Friday, September 3, 2004 by scott
I listened to the .NET Rocks episode with Jeff Richter this week. At one point, Jeff made a comment about C# having an inherent performance benefit over VB.NET. About two beats after Jeff finishes the statement you hear Carl suck in air. I think he wanted to explode at this point but winced instead.

Carl is a fervent supporter of VB.NET and dispels all sorts of myths about the language. Carl told Jeff he didn’t agree, but didn't start a debate. Jeff commands a great deal of respect in the .NET community, as well he should, but I think the truth is somewhere in the middle.

I don’t think the C# code from a competent, professional programmer would show a noticeable difference when compared to the performance of the same implementation written by a competent pro in VB.NET. When it comes to the hobbyist who doesn’t know what “option strict” does, (and doesn’t care) however, this is where you see the spread.
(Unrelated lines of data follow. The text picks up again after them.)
(* Let $q$ be a self-join-free Boolean conjunctive query such that $q$ is saturated and the attack graph of $q$ contains no strong cycle. Let $\mathcal{S}$ be an initial strong component in the attack graph of $q$ with $|\mathcal{S}|\ge 2$. Then the M-graph of $q$ contains a cycle all of whose atoms belong to $\mathcal{S}$.
   Context: Every relation name has a signature $[n,k]$ ($1\le k\le n$; primary-key positions $1,\dots,k$) and a mode in $\{\mathsf{c},\mathsf{i}\}$. For an atom $F$, $\mathrm{key}(F)$ = variables at primary-key positions, $\mathrm{vars}(F)$ = all its variables. A self-join-free Boolean conjunctive query is a finite set of atoms with distinct relation names. $\mathcal{K}(p)=\{\mathrm{key}(F)\to\mathrm{vars}(F)\mid F\in p\}$ (FDs over variables); $q^{\mathsf{c}}$ = atoms of $q$ of mode $\mathsf{c}$; $F^{+,q}$ = variables $x$ with $\mathcal{K}(q\setminus\{F\})\cup\mathcal{K}(q^{\mathsf{c}})\models\mathrm{key}(F)\to x$. Attack graph: vertices atoms of $q$, edge $F\to G$ ($F\ne G$) iff there are atoms $F_0=F,\dots,F_\ell=G$ of $q$ and variables $x_i\in(\mathrm{vars}(F_{i-1})\cap\mathrm{vars}(F_i))\setminus F^{+,q}$. Attack weak if $\mathcal{K}(q)\models\mathrm{key}(F)\to\mathrm{key}(G)$, else strong; cycle strong if it contains a strong attack. A strong component is initial if no edge enters it from another strong component. $F$ attacks a variable $x$ if $F$ attacks $N(x)$ in $q\cup\{N(x)\}$ ($N$ fresh, signature $[1,1]$). A sequential proof for $\mathcal{K}(q)\models Z\to w$: atoms $F_1,\dots,F_\ell$ of $q$ with $\mathrm{key}(F_i)\subseteq Z\cup\bigcup_{j<i}\mathrm{vars}(F_j)$ and $w\in\mathrm{vars}(F_k)$ for some $k$. $Z\to w$ is internal to $q$ if some such proof has no atom attacking a variable in $Z\cup\{w\}$, and $Z\subseteq\mathrm{vars}(F)$ for some $F\in q$. $q$ is saturated if $\mathcal{K}(q^{\mathsf{c}})\models\sigma$ for every $\sigma$ internal to $q$. The M-graph of $q$ has the atoms of $q$ as vertices and an edge $F\to G$ ($F\ne G$) iff $\mathcal{K}(q^{\mathsf{c}})\models\mathrm{vars}(F)\to\mathrm{key}(G)$. *)

From HB Require Import structures.
From mathcomp Require Import all_boot.
From Stdlib Require Import Relations.

Set Implicit Arguments.
Unset Strict Implicit.
Unset Printing Implicit Defensive.

(* Variables are natural numbers.  A term is either a variable (inl x) or a
   constant (inr c). *)
Definition term := (nat + nat)%type.

Definition term_var (t : term) : option nat :=
  match t with inl x => Some x | inr _ => None end.

(* An atom R(t_1,...,t_n) of a relation name R with signature [n,k]:
   [rel] is the relation name, [keylen] = k, [args] = (t_1,...,t_n) (so
   n = size args), [is_c] is the mode of R (true = mode c, false = mode i). *)
Record atom := mkAtom { rel : nat; keylen : nat; args : seq term; is_c : bool }.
About one year ago I met a pharmacist who wrote an application in ASP.NET. The application tracked drug-drug interactions for patient safety. It was a great implementation of the pharmacist’s domain knowledge. The application worked. Would I have shrink-wrapped the code and put up for sale? No. Was it scalable? No – but, the point is, this fellow was putting his expertise to work, and his expertise wasn’t in building a scalable web site.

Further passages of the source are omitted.